• [Data to examine]
Lemma H_le_mu1_plus p y : 0 <= p -> H p y w <= mu1 + L * p.
Proof.
  intro Hp. pose proof (H_lipschitz p 0 y) as Hlip.
  rewrite Rminus_0_r, (Rabs_right p) in Hlip by lra.
  apply Rabs_le_between in Hlip. pose proof (H_0_le y). lra.
Qed.

Lemma critical_slope x : exists a, (mu - mu1) / L <= a <= M /\ H a x w = mu.
Proof.
  destruct (IVT (fun p => H p x w - mu) 0 M) as [a [Ha Hmu]].
  - apply (lipschitz_continuity _ L HL). intros p q.
    replace (H p x w - mu - (H q x w - mu)) with (H p x w - H q x w) by ring. apply H_lipschitz.
  - exact HM.
  - pose proof (H_0_le x). lra.
  - pose proof (H_above_M x). lra.
  - exists a. split; [|lra]. split; [|lra].
    pose proof (H_le_mu1_plus a x (proj1 Ha)).
    apply (Rmult_le_reg_l L); [exact HL|].
    replace (L * ((mu - mu1) / L)) with (mu - mu1) by (field; lra). lra.
Qed.
Lemma cisXn (R : realType) (t : R) n : cis t ^+ n = cis (t *+ n).
Proof.
elim: n => [|n IHn]; first by rewrite expr0 mulr0n cisE cos0 sin0.
by rewrite exprS IHn cisD mulrS.
Qed.

Lemma qcheck_expK (R : realType) K : (0 < K)%N -> qcheck R K ^+ K = 1.
Proof.
move=> K_gt0; rewrite -/(cis _) cisXn.
have -> : (2 * pi / K%:R) *+ K = pi *+ 2 :> R.
  by rewrite -mulr_natr mulfVK ?pnatr_eq0 -?lt0n // mulrC mulr_natr.
by rewrite cisE cos2pi sin2pi.
Qed.

Lemma qcheck_neq1 (R : realType) K : (2 < K)%N -> qcheck R K != 1.
Proof.
move=> K_gt2; rewrite /qcheck -/(cis _) cisE.
apply/eqP => /(congr1 (@complex.Im R)) /=.
apply/eqP; rewrite gt_eqF // sin_gt0_pi //.
have K_gt0 : (0 : R) < K%:R by rewrite ltr0n; case: K K_gt2.
rewrite divr_gt0 ?mulr_gt0 ?pi_gt0 //= ltr_pdivrMr // mulrC ltr_pM2l ?pi_gt0 //.
by rewrite ltr_nat.
Qed.

End Cis.

Section IntegerPolynomialsInQ.
Variables (R : realType) (q : complex R).

Definition Zq : {pred complex R} := fun z => `[< in_Zq q z >].

Fact Zq_subring_closed : subring_closed Zq.
Proof.
split; first by apply/asboolP; exists 1; rewrite rmorph1 hornerC.
  move=> _ _ /asboolP[P ->] /asboolP[Q ->]; apply/asboolP; exists (P - Q).
  by rewrite rmorphB hornerD hornerN.
move=> _ _ /asboolP[P ->] /asboolP[Q ->]; apply/asboolP; exists (P * Q).
by rewrite rmorphM hornerM.
Qed.
HB.instance Definition _ := GRing.isSubringClosed.Build (complex R) Zq
  Zq_subring_closed.
(* Let $G=AB$ be a finite $\pi$-separable group that is the product of subgroups $A$ and $B$, and suppose $G=AB$ is a core-factorisation. Let $H$ be a Hall $\pi$-subgroup of $G$ such that $H=(H\cap A)(H\cap B)$, with $H\cap A$ a Hall $\pi$-subgroup of $A$ and $H\cap B$ a Hall $\pi$-subgroup of $B$ (such an $H$ always exists). Then, if $H\neq 1$, $H=(H\cap A)(H\cap B)$ is also a core-factorisation.
   Context: $\pi$ is a set of primes. A subgroup $U$ of $G$ covers a section $V/W$ ($W\trianglelefteq V\le G$) if $W(U\cap V)=V$. If $1\neq G=AB$ is a product of subgroups $A$ and $B$, then $G=AB$ is called a core-factorisation if $G$ possesses a chief series each of whose chief factors is covered by $A$ or by $B$. *)

From mathcomp Require Import all_boot all_fingroup all_solvable.
Set Implicit Arguments. Unset Strict Implicit. Unset Printing Implicit Defensive.
Local Open Scope group_scope.

(* U covers the section V/W  iff  W (U :&: V) = V. *)
Definition covers (gT : finGroupType) (U V W : {set gT}) : bool :=
  W * (U :&: V) == V.

Definition pi_separable (gT : finGroupType) (pi : nat_pred) (G : {group gT}) : Prop :=
  exists s : seq {group gT},
    path [rel H K : {group gT} | (H <| K) && (pi.-group (K / H) || pi^'.-group (K / H))]
         1%G s /\ last 1%G s = G.

Definition core_factorisation (gT : finGroupType) (G : {group gT}) (A B : {set gT}) : Prop :=
  [/\ G :!=: 1, A * B = G &
      exists s : seq {group gT},
        path [rel V U : {group gT} | chief_factor G V U && (covers A U V || covers B U V)]
             1%G s /\ last 1%G s = G].

From mathcomp Require Import all_boot all_fingroup all_solvable.
Set Implicit Arguments. Unset Strict Implicit.
Local Open Scope group_scope.

(* Let 1 = G_0 < ... < G_n = G be a chief series of G each
   of whose factors is covered by A or by B.  Intersecting with H gives a
   normal series 1 = H :&: G_0 <= ... <= H :&: G_n = H of H, and:
   - (Hall_covers_setI) if a subgroup K of G with H :&: K a Hall
     pi-subgroup of K covers a normal section U/V of G, then H :&: K covers
     (H :&: U)/(H :&: V).  This is an order computation: Hall pi-subgroups
     meet normal subgroups in Hall pi-subgroups, so the identity
     |V| |K :&: U| = |U| |K :&: V| survives on pi-parts;
   - (chief_series_between) any inclusion X <= Y of normal subgroups of H is
     refined by a chief series of H running from X to Y;
   - (covers_subsection) a subgroup covering Y/X covers every section U/V
     with X <= V <= U <= Y.
   Refining each step H :&: G_i <= H :&: G_(i+1) by the second fact therefore
   yields a chief series of H all of whose factors are covered by H :&: A or
   H :&: B (lemma covered_chief_series_setI).  The pi-separability of G is
   only needed for the existence of H, which the theorem assumes. *)

Definition covered_chief_step (gT : finGroupType) (G A B : {set gT}) :=
  [rel V U : {group gT} | chief_factor G V U && (covers A U V || covers B U V)].

Lemma Hall_covers_setI (gT : finGroupType) (pi : nat_pred) (G K H U V : {group gT}) :
    pi.-Hall(G) H -> pi.-Hall(K) (H :&: K) -> K \subset G ->
    U <| G -> V <| G -> V \subset U -> covers K U V ->
  covers (H :&: K) (H :&: U) (H :&: V).
Proof.
move=> hallH hallHK sKG nUG nVG sVU /eqP covK.
have cardHU : #|H :&: U| = (#|U|`_pi)%N := card_Hall (Hall_setI_normal nUG hallH).
have cardHV : #|H :&: V| = (#|V|`_pi)%N := card_Hall (Hall_setI_normal nVG hallH).
have traceHK (N : {group gT}) : N <| G -> #|H :&: K :&: N| = (#|K :&: N|`_pi)%N.
  move=> nNG.
  have -> : H :&: K :&: N = H :&: K :&: (K :&: N).
    by rewrite setIA -(setIA H K K) setIid.
  exact: card_Hall (Hall_setI_normal (normalGI sKG nNG) hallHK).
have sHV_U : H :&: V \subset H :&: U by rewrite setIS.
(* |V| |K :&: U| = |U| |K :&: V|, since V (K :&: U) = U and V :&: K = K :&: V. *)
have orderK : (#|V| * #|K :&: U| = #|U| * #|K :&: V|)%N.
  by rewrite (mul_cardG V (K :&: U)%G) /= covK setIA (setIC V) -setIA (setIidPl sVU).
have orderH : (#|H :&: V| * #|H :&: K :&: U| = #|H :&: U| * #|H :&: K :&: V|)%N.
  by rewrite cardHV cardHU !traceHK // -!partnM ?cardG_gt0 // orderK.
(* H :&: V and H :&: K :&: U meet in H :&: K :&: V, so by orderH their
   product, which lies in H :&: U, has order |H :&: U|. *)
have meetH : (H :&: V) :&: (H :&: K :&: U) = H :&: K :&: V.
  by rewrite setIACA (setIidPl sVU) setIA setIid.
rewrite /covers setIACA setIid setIA eqEcard.
rewrite mulG_subG sHV_U setSI ?subsetIl //=.
have := mul_cardG (H :&: V)%G (H :&: K :&: U)%G; rewrite /= meetH orderH => eqHU.
by rewrite -(leq_pmul2r (cardG_gt0 (H :&: K :&: V)%G)) /= eqHU.
Qed.

(* Every inclusion X <= Y of normal subgroups of H can be refined by a chief
   series of H running from X to Y: repeatedly insert a minimal normal
   subgroup of H properly above the current term and below Y. *)
Lemma chief_series_between (gT : finGroupType) (H X Y : {group gT}) :
    X <| H -> Y <| H -> X \subset Y ->
  exists t : seq {group gT},
    path [rel V U : {group gT} | [&& chief_factor H V U, X \subset V & U \subset Y]] X t
    /\ last X t = Y.
Proof.
move=> + nYH; have [n] := ubnP (#|Y| - #|X|); elim: n X => // n IHn X.
move=> ltYX nXH sXY; have [eqXY | neXY] := eqVneq (X : {set gT}) Y.
  by exists [::]; split=> //=; apply: val_inj.
have ltXY : X \proper Y by rewrite properEneq neXY.
have [|M minM] := @ex_mingroup gT
  (fun M : {group gT} => [&& X \proper M, M \subset Y & H \subset 'N(M)]).
  by exists Y; rewrite ltXY subxx normal_norm.
have [/and3P [ltXM sMY nMH] minM_P] := mingroupP minM.
have nsMH : M <| H by rewrite /normal nMH (subset_trans sMY) ?normal_sub.
have [|t [chainMY lastMY]] := IHn M _ nsMH sMY.
  rewrite -ltnS (leq_trans _ ltYX) // ltnS ltn_sub2l // proper_card //.
(* M/X is a chief factor of H: a normal subgroup of H strictly between X
   and M would contradict the minimality of M. *)
have chiefXM : chief_factor H X M.
  rewrite /chief_factor nsMH andbT; apply/maxgroupP; split.
    by rewrite ltXM normal_norm.
  move=> N /andP [ltNM nNH] sXN; apply/eqP/negPn/negP => neNX.
  have ltXN : X \proper N by rewrite properEneq eq_sym neNX.
  have := proper_neq ltNM.
  by rewrite (minM_P N) ?ltXN ?nNH ?(subset_trans (proper_sub ltNM) sMY) ?proper_sub ?eqxx.
exists (M :: t); split=> //=; rewrite chiefXM subxx sMY /=.
apply: sub_path chainMY => V U /= /and3P [-> sMV ->].
by rewrite (subset_trans (proper_sub ltXM) sMV).
Qed.

(* A subgroup covering the section Y/X covers every section U/V lying
   between X and Y (Dedekind's modular law). *)
Lemma covers_subsection (gT : finGroupType) (K X Y U V : {group gT}) :
    covers K Y X -> X \subset V -> V \subset U -> U \subset Y ->
  covers K U V.
Proof.
move=> /eqP covK sXV sVU sUY.
rewrite /covers eqEsubset mulG_subG sVU subsetIr /=.
have traceU : (K :&: Y) :&: U = K :&: U by rewrite -setIA (setIidPr sUY).
have : X * ((K :&: Y) :&: U) = U.
  by rewrite group_modl ?(subset_trans sXV) // covK; apply/setIidPr.
by rewrite traceU => {1}<-; apply: mulSg.
Qed.

Section HallTraces.

Variables (gT : finGroupType) (pi : nat_pred) (G A B H : {group gT}).
Hypotheses (hallH : pi.-Hall(G) H) (sAG : A \subset G) (sBG : B \subset G).
Hypotheses (hallHA : pi.-Hall(A) (H :&: A)) (hallHB : pi.-Hall(B) (H :&: B)).

Lemma covered_chief_step_setI (V U : {group gT}) :
    V <| G -> covered_chief_step G A B V U ->
  exists t : seq {group gT},
    path (covered_chief_step H (H :&: A) (H :&: B)) (H :&: V)%G t
    /\ last (H :&: V)%G t = (H :&: U)%G.
Proof.
move=> nsVG /andP [chiefVU covAB]; have [maxV nsUG] := andP chiefVU.
have sVU : V \subset U by have [/andP [/proper_sub]] := maxgroupP maxV.
have sHG : H \subset G by case/andP: hallH.
have [t [chainHVU lastHVU]] :=
  chief_series_between (normalGI sHG nsVG) (normalGI sHG nsUG) (setIS H sVU).
exists t; split=> //; apply: sub_path chainHVU => V' U' /= /and3P [chiefV'U' sHV_V' sU'_HU].
have sV'U' : V' \subset U'.
  by have [/andP [/proper_sub]] := maxgroupP (proj1 (andP chiefV'U')).
have coversH (K : {group gT}) :
    pi.-Hall(K) (H :&: K) -> K \subset G -> covers K U V -> covers (H :&: K) U' V'.
  move=> hallHK sKG covK.
  exact: covers_subsection (Hall_covers_setI hallH hallHK sKG nsUG nsVG sVU covK)
    sHV_V' sV'U' sU'_HU.
rewrite chiefV'U' /=; case/orP: covAB => [covA | covB].
  by rewrite coversH.
by rewrite (coversH B) ?orbT.
Qed.

Lemma covered_chief_series_setI (s : seq {group gT}) (V : {group gT}) :
    V <| G -> path (covered_chief_step G A B) V s ->
  exists t : seq {group gT},
    path (covered_chief_step H (H :&: A) (H :&: B)) (H :&: V)%G t
    /\ last (H :&: V)%G t = (H :&: last V s)%G.
Proof.
elim: s V => [|U s IHs] V nsVG /=; first by exists [::].
case/andP=> stepVU chainUs; have nsUG : U <| G by case/andP: (proj1 (andP stepVU)).
have [t1 [chain1 last1]] := covered_chief_step_setI nsVG stepVU.
have [t2 [chain2 last2]] := IHs U nsUG chainUs.
by exists (t1 ++ t2); rewrite cat_path last_cat last1 chain1 last2.
Qed.

End HallTraces.

Unset Implicit Arguments. Set Strict Implicit.
Theorem mainTheorem2 (gT : finGroupType) (pi : nat_pred) (G A B H : {group gT}) :
  pi_separable pi G ->
  A * B = G ->
  core_factorisation G A B ->
  pi.-Hall(G) H ->
  H = (H :&: A) * (H :&: B) :> {set gT} ->
  pi.-Hall(A) (H :&: A) ->
  pi.-Hall(B) (H :&: B) ->
  H :!=: 1 ->
  core_factorisation H (H :&: A) (H :&: B).
Proof.
move=> _ eqAB [_ _ [s [chainG lastG]]] hallH eqH hallHA hallHB ntH.
have sAG : A \subset G by rewrite -eqAB mulG_subl.
have sBG : B \subset G by rewrite -eqAB mulG_subr.
have sHG : H \subset G by case/andP: hallH.
have [t [chainH lastH]] :=
  covered_chief_series_setI hallH sAG sBG hallHA hallHB (normal1 G) chainG.
have trace1 : (H :&: 1)%G = 1%G by apply: val_inj; rewrite /= setIg1.
split=> //; exists t; rewrite -trace1; split=> //.
by rewrite lastH lastG; apply: val_inj; apply/setIidPl.
Qed.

• [Required work] With the line that has "pi.-Hall(B) (H :&: B) ->" as the first and the line that has "split=> //; exists" as the last, repeat exactly that run of lines above and no more.

• [Solution to the exercise]
  pi.-Hall(B) (H :&: B) ->
  H :!=: 1 ->
  core_factorisation H (H :&: A) (H :&: B).
Proof.
move=> _ eqAB [_ _ [s [chainG lastG]]] hallH eqH hallHA hallHB ntH.
have sAG : A \subset G by rewrite -eqAB mulG_subl.
have sBG : B \subset G by rewrite -eqAB mulG_subr.
have sHG : H \subset G by case/andP: hallH.
have [t [chainH lastH]] :=
  covered_chief_series_setI hallH sAG sBG hallHA hallHB (normal1 G) chainG.
have trace1 : (H :&: 1)%G = 1%G by apply: val_inj; rewrite /= setIg1.
split=> //; exists t; rewrite -trace1; split=> //.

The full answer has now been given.